Posted in Biological Networks, Gene Regulation and Evolution, CANCER BIOLOGY & Innovations in Cancer Therapy, Cell Biology, Signaling & Cell Circuits on July 29, 2012| Leave a Comment »

Reporter: Prabodh Kandala, PhD

Two men with longstanding HIV infections no longer have detectable HIV in their blood cells following bone marrow transplants. The virus was easily detected in blood lymphocytes of both men prior to their transplants but became undetectable by eight months post-transplant. The men, who were treated at Brigham and Women’s Hospital (BWH), have remained on anti-retroviral therapy.

Their cases will be presented on July 26, 2012 at the International AIDS Conference by Timothy Henrich, MD and Daniel Kuritzkes, MD, physician-researchers in the Division of Infectious Diseases at BWH.

“This gives us some important information,” said Dr. Kuritzkes. “It suggests that under the cover of anti-retroviral therapy, the cells that repopulated the patient’s immune system appear to be protected from becoming re-infected with HIV.”

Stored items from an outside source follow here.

(* Let $(R,\mathfrak{m})$ be a Noetherian local ring and let $I$ be an ideal of $R$. Let $x_1,\ldots,x_s,y$ be a minimal generating set of $I$, where $J=(x_1,\ldots,x_s)$ is a reduction of $I$ with reduction number $r=\mathrm{r}_J(I)$. Assume that (a) $x_1,\ldots,x_s$ is a $d$-sequence, and (b) $(x_1,\ldots,x_i)\cap I^{r+1}=(x_1,\ldots,x_i)I^r$ for all $i=1,\ldots,s-1$. Then $\mathrm{rt}(I)\leq \mathrm{r}_J(I)+1$. Suppose in addition that (c) $x_1,\ldots,x_s$ is an $R$-sequence and (d) $(x_1,\ldots,x_i)\cap I^{r}=(x_1,\ldots,x_i)I^{r-1}$ for all $i=1,\ldots,s-1$. Then $\mathrm{rt}(I)=\mathrm{r}_J(I)+1$ and there is a form $Y^{r+1}-\sum_{i=1}^s X_iF_i\in Q_{r+1}$, with $F_i\in V_r$, such that $Q=(Y^{r+1}-\sum_iX_iF_i)+Q\langle r\rangle$.
   Context: $J\subseteq I$ is a reduction of $I$ if $I^{m+1}=JI^m$ for some $m\ge0$; $\mathrm{r}_J(I)$ is the least such $m$; $I^0=R$. With $J_0=0$, $J_i=(x_1,\ldots,x_i)$, the sequence $x_1,\ldots,x_s$ is a $d$-sequence if $(J_i:x_{i+1}x_j)=(J_i:x_j)$ for all $0\leq i\leq s-1$, $j\geq i+1$. $V=R[X_1,\ldots,X_s,Y]$ graded by total degree, $V_n$ its degree-$n$ part; $\varphi:V\to\mathbf{R}(I)=\bigoplus_{n\ge0}I^nt^n$ sends $X_i\mapsto x_it$, $Y\mapsto yt$; $Q=\ker\varphi=\bigoplus_{n\ge1}Q_n$; $Q\langle n\rangle$ is the ideal generated by homogeneous elements of $Q$ of degree at most $n$; $\mathrm{rt}(I)$ is the least $N\ge1$ with $Q=Q\langle N\rangle$. *)

From HB Require Import structures.
From mathcomp Require Import all_boot all_order all_algebra.
From mathcomp Require Import mpoly.
Set Implicit Arguments. Unset Strict Implicit. Unset Printing Implicit Defensive.
Import GRing.Theory.
Local Open Scope ring_scope.

Section Ideals.
Variable R : comNzRingType.

Definition is_ideal (I : R -> Prop) : Prop :=
  [/\ I 0, (forall a b, I a -> I b -> I (a + b)) & (forall a b, I b -> I (a * b))].

Definition idealgen (S : R -> Prop) : R -> Prop :=
  fun a => exists (n : nat) (c g : 'I_n -> R),
      (forall i, S (g i)) /\ a = \sum_(i < n) c i * g i.

Definition eqI (A B : R -> Prop) : Prop := forall a, A a <-> B a.
Definition subI (A B : R -> Prop) : Prop := forall a, A a -> B a.

Definition interI (A B : R -> Prop) : R -> Prop := fun a => A a /\ B a.

Definition prodI (A B : R -> Prop) : R -> Prop :=
  idealgen (fun a => exists u v, A u /\ B v /\ a = u * v).

Fixpoint powI (I : R -> Prop) (n : nat) : R -> Prop :=
  match n with
  | 0 => fun _ => True
  | n'.+1 => prodI I (powI I n')
  end.

Definition colonI (A : R -> Prop) (b : R) : R -> Prop := fun a => A (a * b).

Definition maximal_ideal (m : R -> Prop) : Prop :=
  [/\ is_ideal m, ~ m 1 &
      forall J, is_ideal J -> subI m J -> eqI J m \/ J 1].

Definition local_ring : Prop :=
  exists m, maximal_ideal m /\ forall m', maximal_ideal m' -> eqI m' m.

Definition noetherian_ring : Prop :=
  forall I, is_ideal I ->
    exists (n : nat) (g : 'I_n -> R), eqI I (idealgen (fun a => exists i, a = g i)).

(* ideal generated by x_0, ..., x_{i-1} (the paper's J_i = (x_1,...,x_i)) *)
Definition Jseq (x : nat -> R) (i : nat) : R -> Prop :=
  idealgen (fun a => exists2 k, (k < i)%N & a = x k).

Definition Igen (x : nat -> R) (s : nat) (y : R) : R -> Prop :=
  idealgen (fun a => (exists2 k, (k < s)%N & a = x k) \/ a = y).

Definition minimal_gens (x : nat -> R) (s : nat) (y : R) : Prop :=
  forall (n : nat) (g : 'I_n -> R),
    eqI (Igen x s y) (idealgen (fun a => exists i, a = g i)) -> (s.+1 <= n)%N.

Definition is_reduction (J I : R -> Prop) : Prop :=
  subI J I /\ exists m, eqI (powI I m.+1) (prodI J (powI I m)).

Definition reduction_number (J I : R -> Prop) (r : nat) : Prop :=
  eqI (powI I r.+1) (prodI J (powI I r)) /\
  forall m, (m < r)%N -> ~ eqI (powI I m.+1) (prodI J (powI I m)).

(* d-sequence (paper indices shifted by one: x_{i+1} is [x i]) :
   (J_i : x_{i+1} x_j) = (J_i : x_j) for 0 <= i <= s-1, i+1 <= j <= s *)
Definition d_sequence (x : nat -> R) (s : nat) : Prop :=
  forall i j, (i <= j)%N -> (j < s)%N ->
    eqI (colonI (Jseq x i) (x i * x j)) (colonI (Jseq x i) (x j)).

Definition R_sequence (x : nat -> R) (s : nat) : Prop :=
  (forall i, (i < s)%N -> forall b, Jseq x i (b * x i) -> Jseq x i b) /\
  ~ Jseq x s 1.

End Ideals.

(* The polynomial ring V = R[X_1,...,X_s,Y]: variables 'X_i (i < s) are X_{i+1},
   the last variable 'X_(ord_max) is Y. *)
Section Rees.
Variable R : comNzRingType.
Variables (s : nat) (x : nat -> R) (y : R).

Definition Vvar (i : 'I_s) : {mpoly R[s.+1]} := 'X_(widen_ord (leqnSn s) i).
Definition Yvar : {mpoly R[s.+1]} := 'X_(@ord_max s).

Definition gen_val (i : 'I_s.+1) : R := if (i < s)%N then x i else y.

(* phi : V -> R(I) ⊆ R[t], X_i |-> x_i t, Y |-> y t *)
Definition phi (F : {mpoly R[s.+1]}) : {poly R} :=
  mmap (@polyC R) (fun i => (gen_val i)%:P * 'X) F.

Definition inQ (F : {mpoly R[s.+1]}) : Prop := phi F = 0.

Definition Qgen (n : nat) : {mpoly R[s.+1]} -> Prop :=
  idealgen (fun F => exists2 d, (d <= n)%N & F \is d.-homog /\ inQ F).

Definition is_rt (N : nat) : Prop :=
  [/\ (1 <= N)%N, eqI inQ (Qgen N) &
      forall M, (1 <= M)%N -> (M < N)%N -> ~ eqI inQ (Qgen M)].

End Rees.

Arguments Yvar {R} s.
Arguments phi {R} s x y F.
Arguments inQ {R} s x y F.
Arguments Qgen {R} s x y n _.
Arguments is_rt {R} s x y N.
Arguments Vvar {R s} i.

From HB Require Import structures.
From mathcomp Require Import all_boot all_order all_algebra.
From mathcomp Require Import mpoly.
From mathcomp Require Import ring zify.
From Stdlib Require Import Classical.
Set Implicit Arguments. Unset Strict Implicit. Unset Printing Implicit Defensive.
Import GRing.Theory.
Local Open Scope ring_scope.

(* Let Q be the kernel of phi : R[X_1..X_s,Y] -> R[It].  A form of degree n+1
   can be written c Y^(n+1) + sum_j X_j H_j.  Since y^(r+1) lies in J I^r, Q
   contains a form Y^(r+1) - sum_j X_j F_j; subtracting a multiple of it, a form
   of Q of degree n+2 > r+1 becomes a linear syzygy sum_j X_j G_j.  Such
   syzygies are generated in degree n+1: this uses that (J_k : x_k) cap I^(n+1)
   is contained in J_k, which follows from the d-sequence property as I^(n+1)
   is contained in J, and
   J_k cap I^(n+2) = J_k I^(n+1), which propagates upwards from (b).  Hence
   Q = Q<r+1>.  Under (c) and (d) the same reduction already works in degree
   r+1, giving Q = (form) + Q<r>.  Finally the form is not in Q<r>: sending X_j
   to 0 and Y to t maps Q<r> into polynomials whose coefficients a satisfy
   a y^r in J I^(r-1), and the form to t^(r+1), whereas y^r is not in J I^(r-1)
   because r = r_J(I). *)

Section Ideals.
Variable R : comNzRingType.
Implicit Types (S T : R -> Prop) (a b : R).

Lemma idealD T a b : is_ideal T -> T a -> T b -> T (a + b).
Proof. by case=> _ + _; apply. Qed.

Lemma idealM T a b : is_ideal T -> T b -> T (a * b).
Proof. by case=> _ _; apply. Qed.

Lemma idealMr T a b : is_ideal T -> T a -> T (a * b).
Proof. by move=> hT Ta; rewrite mulrC; apply: idealM. Qed.

Lemma idealN T a : is_ideal T -> T a -> T (- a).
Proof. by move=> hT Ta; rewrite -mulN1r; apply: idealM. Qed.

Lemma idealB T a b : is_ideal T -> T a -> T b -> T (a - b).
Proof. by move=> hT Ta Tb; apply: idealD => //; apply: idealN. Qed.

Lemma ideal_sum T (I : finType) (F : I -> R) :
  is_ideal T -> (forall i, T (F i)) -> T (\sum_i F i).
Proof. by move=> hT TF; elim/big_rec: _ => [|i a _]; [case: hT | apply: idealD]. Qed.

Lemma mem_idealgen S a : S a -> idealgen S a.
Proof.
by move=> Sa; exists 1%N, (fun=> 1), (fun=> a); rewrite big_ord1 mul1r.
Qed.

Lemma idealgen_ideal S : is_ideal (idealgen S).
Proof.
split.
- by exists 0%N, (fun=> 0), (fun=> 0); split; [case | rewrite big_ord0].
- move=> _ _ [n [c [g [Sg ->]]]] [m [c' [g' [Sg' ->]]]].
  exists (n + m)%N, (fun i => match split i with inl j => c j | inr j => c' j end),
    (fun i => match split i with inl j => g j | inr j => g' j end); split.
    by move=> i; case: (split i).
  rewrite big_split_ord /=; congr (_ + _); apply: eq_bigr => i _.
    by rewrite (unsplitK (inl i)).
  by rewrite (unsplitK (inr i)).
- move=> a _ [n [c [g [Sg ->]]]]; exists n, (fun i => a * c i), g; split => //.
  by rewrite mulr_sumr; apply: eq_bigr => i _; rewrite mulrA.
Qed.

Lemma idealgen_min S T : is_ideal T -> subI S T -> subI (idealgen S) T.
Proof.
move=> hT ST _ [n [c [g [Sg ->]]]].
by apply: (ideal_sum hT) => i; apply: (idealM _ hT (ST _ (Sg i))).
Qed.

End Ideals.

Lemma downward_ind (P : nat -> Prop) i n : (i <= n)%N ->
  (forall m, (i <= m < n)%N -> P m.+1 -> P m) -> P n -> P i.
Proof.
elim: n => [|n IH]; first by rewrite leqn0 => /eqP ->.
rewrite leq_eqVlt => /orP[/eqP -> // | ]; rewrite ltnS => le_in step Pn.
apply: IH => // [m /andP[im mn]|]; first by apply: step; rewrite im ltnS ltnW.
by apply: (step n) => //; rewrite le_in ltnSn.
Qed.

One patient’s bone marrow transplant was two years ago, the other was four years ago. Both were performed at the Dana-Farber/Brigham and Women’s Cancer Center. Over time, as the patients’ cells were replaced by donor cells, traces of HIV were lost. Currently, both patients have no detectable HIV DNA or RNA in their blood. The level of HIV antibody, a measure of exposure to HIV, also declined in both men.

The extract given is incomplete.